══ DATA SHOWN

Definition comm_filtration (xs : seq H) r :=
  gen (fun s => exists us g, size us = r /\ s = icomm (us ++ map (conjg g) xs)).

Lemma comm_filtration_normal xs r : is_normal (comm_filtration xs r).
Proof.
apply: gen_normal => s h [us [g [size_us ->]]].
exists (map (conjg h) us), (h ⋆ g); rewrite size_map icomm_conj map_cat -map_comp.
by rewrite (eq_map (conjgJ h g)).
Qed.

Lemma comm_filtrationP xs : xs <> [::] -> is_filtration (comm_filtration xs).
Proof.
move=> xs_neq0; split=> [|r u d]; first exact: comm_filtration_normal.
apply: normal_comm_gen (comm_filtration_normal _ _) _ _ _ => u0 s [us [g [size_us ->]]].
apply: mem_gen; exists (u0 :: us), g; split; first by rewrite /= size_us.
by rewrite cat_cons icomm_cons_cat //; case: (xs) xs_neq0.
Qed.

Section Application.
Variables (A : H -> Prop) (hA : (forall a, ~ A a) \/ is_normal A).

Lemma has_k_in_conjg g (xs : seq H) k : has_k_in A xs k -> has_k_in A (map (conjg g) xs) k.
Proof.
case=> js [size_js [sorted_js Ajs]]; exists js; split => //; split => // j /Ajs [j_lt Aj].
rewrite size_map (nth_map one) //; last by case/andP: j_lt; lia.
by split => //; case: hA => [nA | nA]; [case: (nA _ Aj) | apply: normalJ].
Qed.

Lemma has_k_in_catl (us xs : seq H) k : has_k_in A xs k -> has_k_in A (us ++ xs) k.
Proof.
case=> js [size_js [sorted_js Ajs]]; exists (map (addn (size us)) js).
rewrite size_map sorted_map; split => //; split.
  by apply: sub_sorted sorted_js => a b /=; rewrite ltn_add2l.
move=> _ /mapP [j /Ajs [j_lt Aj] ->]; rewrite size_cat nth_cat; split; first lia.
have -> : (size us + j).-1 < size us = false by lia.
by have -> : (size us + j).-1 - size us = j.-1 by lia.
Qed.
Lemma minimizer_exists z s : lsc H -> subgradient H z s -> exists us, is_minimizer_ext H us.
Proof.
  intros Hlsc Hs.
  assert (Hprop : proper H) by (destruct Hs as [bz [Hz _]]; now exists z, bz).
  destruct (ext_infimum H Hprop (subgradient_bounded_below z s Hs)) as [I [HI HIeps]].
  assert (Hseq : exists w : nat -> vec n, forall k,
             exists b, H (w k) = Some b /\ b < I + / (INR k + 1)).
  { assert (Hk : forall k, exists v b, H v = Some b /\ b < I + / (INR k + 1)).
    { intro k. apply HIeps, Rinv_0_lt_compat. pose proof (pos_INR k). lra. }
    exists (fun k => proj1_sig (constructive_indefinite_description _ (Hk k))).
    intro k. exact (proj2_sig (constructive_indefinite_description _ (Hk k))). }
  destruct Hseq as [w Hw].
  assert (Hval : forall eps, 0 < eps -> exists N, forall k, (N <= k)%nat ->
             exists b, H (w k) = Some b /\ b < I + eps).
  { intros eps Heps. destruct (inv_succ_lt eps Heps) as [N HN]. exists N. intros k Hk.
    destruct (Hw k) as [b [Hb Hbk]]. exists b. split; [easy|]. specialize (HN k Hk). lra. }
  assert (Hcauchy : forall eps, 0 < eps -> exists N, forall j k, (N <= j)%nat -> (N <= k)%nat ->
             nsq (vsub (w j) (w k)) <= eps).
  { intros eps Heps. destruct (Hval (eps * mu / 8)) as [N HN]; [nra|].
    exists N. intros j k Hj Hk.
    destruct (HN j Hj) as [bj [Hbj Hj']]. destruct (HN k Hk) as [bk [Hbk Hk']].
    destruct (strongly_convex_midpoint _ _ _ _ Hbj Hbk) as [c [Hc1 Hc2]].
    specialize (HI _ _ Hc1). nra. }
  destruct (vec_cauchy_converges w Hcauchy) as [wbar Hconv].
  destruct (lsc_limit_le H w wbar I Hlsc Hconv Hval) as [b [Hb HbI]].
  exists wbar, b. split; [easy|]. intros v bv Hv. specialize (HI v bv Hv). lra.
Qed.

End StronglyConvex.

Lemma nsq_add_le {n} (a b : vec n) : nsq (vadd a b) <= 2 * nsq a + 2 * nsq b.
Proof.
  pose proof (nsq_ge0 (vsub a b)).
  assert (E : 2 * nsq a + 2 * nsq b = nsq (vadd a b) + nsq (vsub a b)) by gram_ring.
  lra.
Qed.

Section GramStep.
Context {n : nat} (l m : R) (Yd Zd U Q : vec n).
Hypothesis l_pos : 0 < l.
Hypothesis l_small : l < / 12.

Lemma gram_fejer :
  nsq U <= 2 * l * inner Yd U ->
  inner Zd U <= (1 - 5 * l) * inner (vsub Yd Zd) Zd ->
  nsq (vadd (vadd (vscal (1 + 5 * l) Yd) U) (vscal 2 (vsub Zd Yd))) + 10 * l * nsq (vsub Zd Yd)
    <= nsq (vadd (vscal (1 + 5 * l) Yd) U).
Proof.
  intros Hcoco Hmono.
  set (d := 1 - 5 * l).
  set (yy := nsq Yd). set (zz := nsq Zd). set (uu := nsq U).
  set (yz := inner Yd Zd). set (yu := inner Yd U). set (zu := inner Zd U).
  set (ee := nsq (vsub Zd Yd)).
  assert (Eee : ee = yy - 2 * yz + zz) by (unfold ee, yy, yz, zz; gram_ring).
  assert (EX : nsq (vadd (vscal (1 + 5 * l) Yd) U)
               = (1 + 5 * l) ^ 2 * yy + 2 * (1 + 5 * l) * yu + uu)
    by (unfold yy, yu, uu; gram_ring).
  assert (EXP : nsq (vadd (vadd (vscal (1 + 5 * l) Yd) U) (vscal 2 (vsub Zd Yd)))
                = d ^ 2 * yy + 4 * zz + uu - 4 * d * yz - 2 * d * yu + 4 * zu)
    by (unfold d, yy, zz, uu, yz, yu, zu; gram_ring).
  assert (Emono : inner (vsub Yd Zd) Zd = yz - zz) by (unfold yz, zz; gram_ring).
  assert (P1 : 0 <= d ^ 2 * ee - 4 * d * (yu - zu) + 4 * uu).
  { replace (d ^ 2 * ee - 4 * d * (yu - zu) + 4 * uu)
      with (nsq (vsub (vscal d (vsub Yd Zd)) (vscal 2 U)))
      by (rewrite Eee; unfold yy, zz, uu, yz, yu, zu; gram_ring).
    apply nsq_ge0. }
  pose proof (nsq_ge0 U) as Huu. pose proof (nsq_ge0 (vsub Zd Yd)) as Hee. fold uu ee in Huu, Hee.
  rewrite EX, EXP. rewrite Emono in Hmono. fold uu yu in Hcoco. fold zu in Hmono.
  clearbody yy zz uu yz yu zu ee. subst ee. fold d in Hmono.
  assert (Hd : 7 / 12 < d <= 1) by (unfold d; lra).
  assert (Hyu : 0 <= yu) by nra.
  (* For X = (1 + 5 l) Y + U and X' = X + 2 (Z - Y), d (|X|^2 - |X'|^2) / 4 splits into a
     multiple of |Z - Y|^2, the monotonicity slack plus <Y, U>, and -10 l <Y - Z, U>; the last
     term is absorbed by |d (Y - Z) - 2 U|^2 >= 0. *)
  set (P := (d * yz - d * zz - zu) + yu).
  assert (S1 : d * ((1 + 5 * l) ^ 2 * yy + 2 * (1 + 5 * l) * yu + uu
                    - (d ^ 2 * yy + 4 * zz + uu - 4 * d * yz - 2 * d * yu + 4 * zu)) / 4
               = 5 * l * d * (yy - 2 * yz + zz) + (d + 10 * l) * P - 10 * l * (yu - zu))
    by (unfold P, d; field).
  assert (Hslack : 0 <= d * yz - d * zz - zu) by lra.
  assert (0 <= l * (d * yz - d * zz - zu)) by (apply Rmult_le_pos; lra).
  assert (S3 : uu <= 2 * l * P) by (unfold P; lra).
  assert (A3 : 10 * l * uu <= d * (d + 10 * l) * P).
  { assert (d * (d + 10 * l) >= 1 / 2) by (unfold d; nra).
    assert (0 <= P) by (unfold P; lra). nra. }
  assert (0 < d * d) by nra.
  nra.
Qed.

Lemma gram_z_bound :
  0 < m ->
  m * nsq Zd <= inner (vadd (vscal (1 - 5 * l) (vsub Yd Zd)) Q) Zd ->
  nsq Q <= l * l * nsq (vsub Zd Yd) ->
  m * m * nsq Zd <= 4 * nsq (vsub Zd Yd).
Proof.
  intros Hm Hgrow Hlip.
  set (W := vadd (vscal (1 - 5 * l) (vsub Yd Zd)) Q) in *.
  assert (HW : nsq W <= 3 * nsq (vsub Zd Yd)).
  { pose proof (nsq_add_le (vscal (1 - 5 * l) (vsub Yd Zd)) Q).
    assert (E : nsq (vscal (1 - 5 * l) (vsub Yd Zd)) = (1 - 5 * l) * (1 - 5 * l) * nsq (vsub Zd Yd))
      by gram_ring.
    pose proof (nsq_ge0 (vsub Zd Yd)).
    assert ((1 - 5 * l) * (1 - 5 * l) <= 1) by nra. assert (l * l <= 1 / 2) by nra.
    assert ((1 - 5 * l) * (1 - 5 * l) * nsq (vsub Zd Yd) <= nsq (vsub Zd Yd)) by nra.
    assert (l * l * nsq (vsub Zd Yd) <= nsq (vsub Zd Yd) / 2) by nra.
    unfold W. lra. }
  pose proof (nsq_ge0 (vsub (vscal m Zd) (vscal 2 W))) as Hsq.
  assert (E : nsq (vsub (vscal m Zd) (vscal 2 W)) = m * m * nsq Zd - 4 * m * inner W Zd + 4 * nsq W)
    by gram_ring.
  nra.
Qed.

Lemma gram_y_bound :
  nsq U <= 2 * l * inner Yd U -> nsq Yd <= nsq (vadd (vscal (1 + 5 * l) Yd) U).
Proof.
  intro Hcoco. pose proof (nsq_ge0 U). pose proof (nsq_ge0 Yd).
  assert (E : nsq (vadd (vscal (1 + 5 * l) Yd) U)
              = (1 + 5 * l) * (1 + 5 * l) * nsq Yd + 2 * (1 + 5 * l) * inner Yd U + nsq U)
    by gram_ring.
  assert (0 <= inner Yd U) by nra. nra.
Qed.
Section FsqModel.
Implicit Types (f g h : fsq) (r t : qnn).

Lemma fsq_ext f g : f =1 g -> f = g.
Proof.
case: f g => f f0 ffin [g g0 gfin] /= /functional_extensionality fg.
by subst g; congr FSq; apply: proof_irrelevance.
Qed.

Definition is_fs_dist (f g : fsq) (r : qnn) : Prop :=
  (f r <> g r /\ forall t, f t <> g t -> qle t r) \/ (f =1 g /\ r = q0).

Definition fs_dist (f g : fsq) : qnn := epsilon (inhabits q0) (is_fs_dist f g).

Lemma fs_dist_spec f g : is_fs_dist f g (fs_dist f g).
Proof.
apply: epsilon_spec.
have [[t ft]|same] := classic (exists t, f t <> g t); last first.
  by exists q0; right; split=> // t; apply: NNPP => ne; apply: same; exists t.
have [sf Hf] := fsq_finite f; have [sg Hg] := fsq_finite g.
have diff_in u : f u <> g u -> List.In (qv u) (sf ++ sg).
  move=> ne; apply: List.in_or_app.
  have [f0|/Hf] := classic (f u = 0); last by left.
  by right; apply: Hg; rewrite -f0 => /esym.
have [r ne rmax] := qnn_max_finite diff_in (ex_intro _ t ft).
by exists r; left.
Qed.

Lemma fs_dist_above f g t : qlt (fs_dist f g) t -> f t = g t.
Proof.
case: (fs_dist_spec f g) => [[_ dmax]|[fg _]] lt //.
by apply: NNPP => /dmax; rewrite qleNgt.
Qed.

Lemma fs_dist_neq f g : f <> g -> f (fs_dist f g) <> g (fs_dist f g).
Proof.
by case: (fs_dist_spec f g) => [[//]|[fg _] fNg]; case: fNg; apply: fsq_ext.
Qed.

Lemma fs_distE f g r : f r <> g r -> (forall t, qlt r t -> f t = g t) -> fs_dist f g = r.
Proof.
move=> ne above; case: (fs_dist_spec f g) => [[dne dmax]|[fg _]]; last by case: ne.
apply: qle_anti; last exact: dmax.
by rewrite qleNgt => /above.
Qed.

Lemma fs_dist_self f : fs_dist f f = q0.
Proof. by case: (fs_dist_spec f f) => [[]|[]]. Qed.
Theorem mainTheorem10 (R : realType) (M : completeNormedModType R)
  (ip : M -> M -> R) (G : Type) (mul : G -> G -> G) (one : G) (inv : G -> G)
  (act : G -> M -> M)
  (d : measure_display) (Omega : measurableType d) (P : probability Omega R)
  (X : Omega -> M) (t0 : M) (a : R) (phi : R -> M) (v : M) :
  is_inner_product ip ->
  is_group mul one inv ->
  is_lin_isom_action mul one act ->
  (forall y, measurable_fun [set: Omega] (fun w => ip (X w) y)) ->
  (forall m, measurable_fun [set: Omega] (fun w => orbit_dist2 act (X w) m)) ->
  (\int[P]_w (`|X w| ^+ 2)%:E < +oo)%E ->
  is_expectation ip P X t0 ->
  t0 != 0 ->
  0 < a ->
  (forall t, - a < t < a -> derivable phi t 1) ->
  {in `](- a), a[, continuous (derive1 phi)} ->
  (forall t, - a < t < a -> gorbit act t0 (phi t)) ->
  phi 0 = t0 ->
  derive1 phi 0 = v ->
  v != 0 ->
  (0 < P [set w | ip (X w) v != 0%R])%E ->
  (0 < P [set w | (ip (X w) t0 < sup [set ip (act g (X w)) t0 | g in [set: G]])%R])%E
  /\ ~ is_frechet_mean act P X t0.
Proof.
move=> hip hG hact mX mD EX2 hE t0n0 a0 dphi _ orb phi0 dphi0 _ Pv.
rewrite derive1E in dphi0; rewrite -phi0 in orb.
have gap : [set w | ip (X w) v != 0] `<=`
           [set w | ip (X w) t0 < orbit_ip_sup ip act (X w) t0].
  move=> w /= Xv; rewrite -phi0.
  by apply: (ip_lt_orbit_ip_sup hip hG hact (X w) a0 dphi orb); rewrite dphi0.
have mA : measurable [set w | ip (X w) v != 0].
  rewrite -[X in measurable X]setTI
    (_ : [set w | _] = (fun w => ip (X w) v) @^-1` ~` [set 0]).
    by apply: mX => //; exact: measurableC.
  by apply/seteqP; split => w /= /eqP.
have Pgap : (0 < P [set w | (ip (X w) t0 < orbit_ip_sup ip act (X w) t0)%R])%E.
  apply: lt_le_trans Pv (le_measure _ _ _ gap); rewrite inE //.
  by have := measurable_lt_orbit_ip_sup hip hact X t0 mD mX; apply.
split => // frechet.
have := lt_integral_orbit_ip_sup hip hact X t0 mD mX EX2 hE Pgap.
set S := \int[P]_w _; set T := `|t0| ^+ 2 => TS.
have T0 : 0 < T by rewrite exprn_gt0 // normr_gt0.
have := frechet ((S / T) *: t0).
rewrite -{1}(scale1r t0) !(frechet_fun_scale hip hact X t0 mD EX2) //; last first.
  by rewrite divr_ge0 // ltW // (lt_trans T0).
rewrite -/S -/T lee_fin -subr_ge0.
have -> : \int[P]_w `|X w| ^+ 2 + (S / T) ^+ 2 * T - 2 * (S / T) * S -
  (\int[P]_w `|X w| ^+ 2 + 1 ^+ 2 * T - 2 * 1 * S) = - ((S - T) ^+ 2 / T).
  by field; rewrite gt_eqF.
by rewrite oppr_ge0 leNgt divr_gt0 // exprn_gt0 // subr_gt0.
Qed.
Lemma sech2_moment_bound_le mu a b : 0 < mu -> 0 <= a -> 0 < a + b ->
  sech2_moment_bound mu a b <=
  1 / sqrt (2 * PI) * (mu * a * b / (sqrt (a + b)) ^ 3)
  + 3 / (4 * sqrt (2 * PI)) * (a * mu ^ 3 / (sqrt (a + b)) ^ 5) * (3 * mu ^ 2 + 4 * a).
Proof.
  intros Hmu Ha Hab.
  assert (Hp : 0 < sqrt (2 * PI)) by (apply sqrt_lt_R0; pose proof PI_RGT_0; lra).
  assert (Hr : 0 < sqrt (a + b)) by (apply sqrt_lt_R0; lra).
  assert (Hrr : sqrt (a + b) * sqrt (a + b) = a + b) by (apply sqrt_sqrt; lra).
  unfold sech2_moment_bound, gauss_density.
  rewrite sqrt_mult by (pose proof PI_RGT_0; lra).
  replace (- 0 ^ 2 / (2 * (a + b))) with 0 by (field; lra); rewrite exp_0.
  set (p := sqrt (2 * PI)) in *; set (r := sqrt (a + b)) in *.
  rewrite <- Hrr.
  match goal with |- ?L <= ?R =>
    replace R with (L + a * mu ^ 3 * (9 * mu ^ 2 + 8 * a) / (4 * p * r ^ 5)) by (field; lra) end.
  assert (0 <= a * mu ^ 3 * (9 * mu ^ 2 + 8 * a) / (4 * p * r ^ 5)).
  { apply Rmult_le_pos; [|apply Rlt_le, Rinv_0_lt_compat, Rmult_lt_0_compat; [lra|apply pow_lt, Hr]].
    pose proof (pow_lt mu 3 Hmu); pose proof (pow2_ge_0 mu); apply Rmult_le_pos; nra. }
  lra.
Qed.

Theorem mainTheorem17 (mu sX2 sY2 : R) (g : R -> R) (E : R) :
  0 < mu -> 0 <= sX2 -> 0 <= sY2 -> 0 < sX2 + sY2 ->
  (forall x : R, gauss_expect sY2 (fun y => integrand mu x y) (g x)) ->
  gauss_expect sX2 g E ->
  E <= 1 / sqrt (2 * PI) * (mu * sX2 * sY2 / (sqrt (sX2 + sY2)) ^ 3)
       + 3 / (4 * sqrt (2 * PI)) * (sX2 * mu ^ 3 / (sqrt (sX2 + sY2)) ^ 5)
         * (3 * mu ^ 2 + 4 * sX2).
Proof.
  intros Hmu HX HY Hsum Hg HE.
  apply Rle_trans with (sech2_moment_bound mu sX2 sY2); [|apply sech2_moment_bound_le; auto].
  destruct HE as [[HX0 ->]|[HXpos HE]].
  - subst sX2; rewrite sech2_moment_bound_0_l.
    destruct (Hg 0) as [[HY0 _]|[HYpos Hg0]]; [lra|].
    pose proof (inner_expectation_le mu sY2 0 (g 0) 0 Hmu HYpos (Rle_refl 0) Hg0); lra.
  - destruct (Req_dec sY2 0) as [HY0|HYpos].
    + subst sY2; apply (expectation_le_sech2_moment_bound_0_r mu sX2 g); auto.
      intros x; destruct (Hg x) as [[_ Hgx]|[Hc _]]; [exact Hgx|lra].
    + apply (expectation_le_sech2_moment_bound mu sX2 sY2 g); auto; [lra|].
      intros x; destruct (Hg x) as [[Hc _]|[_ Hgx]]; [lra|exact Hgx].
Qed.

════

From the entries above, return exactly the line containing "by apply: mX => //; exact: measurableC.", the line containing "match goal with |- ?L <= ?R =>", and all lines between, and nothing else.

#### THE ANSWER
    by apply: mX => //; exact: measurableC.
  by apply/seteqP; split => w /= /eqP.
have Pgap : (0 < P [set w | (ip (X w) t0 < orbit_ip_sup ip act (X w) t0)%R])%E.
  apply: lt_le_trans Pv (le_measure _ _ _ gap); rewrite inE //.
  by have := measurable_lt_orbit_ip_sup hip hact X t0 mD mX; apply.
split => // frechet.
have := lt_integral_orbit_ip_sup hip hact X t0 mD mX EX2 hE Pgap.
set S := \int[P]_w _; set T := `|t0| ^+ 2 => TS.
have T0 : 0 < T by rewrite exprn_gt0 // normr_gt0.
have := frechet ((S / T) *: t0).
rewrite -{1}(scale1r t0) !(frechet_fun_scale hip hact X t0 mD EX2) //; last first.
  by rewrite divr_ge0 // ltW // (lt_trans T0).
rewrite -/S -/T lee_fin -subr_ge0.
have -> : \int[P]_w `|X w| ^+ 2 + (S / T) ^+ 2 * T - 2 * (S / T) * S -
  (\int[P]_w `|X w| ^+ 2 + 1 ^+ 2 * T - 2 * 1 * S) = - ((S - T) ^+ 2 / T).
  by field; rewrite gt_eqF.
by rewrite oppr_ge0 leNgt divr_gt0 // exprn_gt0 // subr_gt0.
Qed.
Lemma sech2_moment_bound_le mu a b : 0 < mu -> 0 <= a -> 0 < a + b ->
  sech2_moment_bound mu a b <=
  1 / sqrt (2 * PI) * (mu * a * b / (sqrt (a + b)) ^ 3)
  + 3 / (4 * sqrt (2 * PI)) * (a * mu ^ 3 / (sqrt (a + b)) ^ 5) * (3 * mu ^ 2 + 4 * a).
Proof.
  intros Hmu Ha Hab.
  assert (Hp : 0 < sqrt (2 * PI)) by (apply sqrt_lt_R0; pose proof PI_RGT_0; lra).
  assert (Hr : 0 < sqrt (a + b)) by (apply sqrt_lt_R0; lra).
  assert (Hrr : sqrt (a + b) * sqrt (a + b) = a + b) by (apply sqrt_sqrt; lra).
  unfold sech2_moment_bound, gauss_density.
  rewrite sqrt_mult by (pose proof PI_RGT_0; lra).
  replace (- 0 ^ 2 / (2 * (a + b))) with 0 by (field; lra); rewrite exp_0.
  set (p := sqrt (2 * PI)) in *; set (r := sqrt (a + b)) in *.
  rewrite <- Hrr.
  match goal with |- ?L <= ?R =>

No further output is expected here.